How to Decide Whether to Form an LLC vs. Register a Domain First
So should you register a domain or form an LLC first? Like other aspects of your business, there’s no single answer that applies to all businesses and situations. Here’s a list of questions and considerations worth keeping in mind as you work through your decision.
1. Will you mostly sell things online?
Let’s say you’re starting a business that only sells items or services online and does not have a brick-and-mortar location. In this case, the success of your business depends on your online presence and branding, and a solid domain name is a key part of that. You should secure a domain name first and worry about naming your business second.
How do you find out if a domain name is available? Go to any domain registrar – like domainregistry.com – and type in the domain name you’re seeking. You’ll get an answer in seconds.
A brick-and-mortar business may find that deciding on a business name and forming an LLC first makes the most sense. To find out if your desired LLC name is available, visit your state’s secretary of state’s website. There, you’ll find a database of all the businesses registered in your state, and you can search to see if your desired name is available.
If someone’s already claimed your name, you’ll need to find an alternate one. The good news is that when you do form an LLC, you’ll prevent anyone else in your state from coming along and using the exact same business entity name.
2. Do you need liability protection right away?
An LLC is a type of business entity. When you form an LLC you gain liability protection in the separation of your business assets from your personal assets. That keeps someone from claiming personal assets (like your home) in a lawsuit they file against your LLC.
There are some businesses that will need liability protection sooner than others. For instance, any establishment that serves food has to worry about customers getting food poisoning or having allergic reactions. A gym has to worry about people getting hurt while doing deadlifts. A miniature golf course has to worry about golfers getting boinked in the head by a runaway golf ball. However, a freelance writer may find that they’re willing to put off getting liability protection until after their website goes live.
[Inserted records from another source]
Theorem lemma6 (R : realType) (dS dA dO : measure_display)
  (S : measurableType dS) (Act : measurableType dA) (O : measurableType dO)
  (P : R.-pker (S * Act) ~> S) (mu : probability S R)
  (pi : R.-pker S ~> Act)
  (Pr : S -> probability O R) (St : nat -> O -> S) (At : nat -> O -> Act)
  (I A B : set S) (gamma Hbar rB rAB : R) :
  is_MDP_process P pi Pr St At ->
  measurable I -> measurable A -> measurable B ->
  (forall s, I s -> Pr s (St 1 @^-1` I) = 1%E) ->
  mu I = 1%E ->
  0 < gamma < 1 ->
  (forall s, I s ->
     (\int[Pr s]_w stepAB A B (fun t => St t w) <= Hbar%:E)%E) ->
  0 < rB -> 0 < rAB ->
  rB / rAB >= (1 - gamma)^-1 * ((gamma `^ (Hbar + 1))^-1 - 1) ->
  forall s, I s ->
    (\int[Pr s]_w (disc_return A B rB rAB gamma
                      (fun t => St t w) (fun t => At t w))%:E
      >= (- (rAB * (1 - gamma `^ Hbar) / (1 - gamma)))%:E)%E.
Proof.
(* The bound holds for every initial state in [I]. *)
move=> [mSt [_ mfdd]] mI mA mB PrI _ gamma01 steps_bounded rB_gt0 rAB_gt0 ratio s Is.
have [gamma_gt0 gamma_lt1] := andP gamma01.
have I_absorbing x : I x -> qexp P pi \1_I x = 1.
  by move=> Ix; apply: (qexp_absorbing mSt mfdd mI); exact: PrI.
have steps_le n x : I x -> disc_value Pr St \1_(~` B) \1_(A `\` B) n x <= Hbar.
  move=> Ix; rewrite -lee_fin; apply: le_trans (steps_bounded x Ix).
  exact: disc_value_steps_le.
have -> : - (rAB * (1 - gamma `^ Hbar) / (1 - gamma)) =
          rAB / (1 - gamma) * gamma `^ Hbar - rAB / (1 - gamma) by ring.
exact: (expect_disc_return_ge mSt mfdd mA mB gamma_gt0 gamma_lt1 rB_gt0 rAB_gt0 mI
  I_absorbing steps_le (reward_ratio_large gamma01 rAB_gt0 ratio) Is).
Qed.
3. Is your ideal domain name available?
Don’t wait. You can buy a domain name, then park it for a while before you turn it into a professional website for your business. Buying a domain and holding off on developing it fully is a common practice known as domain parking. Because you’ll be competing for a good domain name with people around the world and not just in your home state, you don’t want to snooze on an opportunity you might not have again.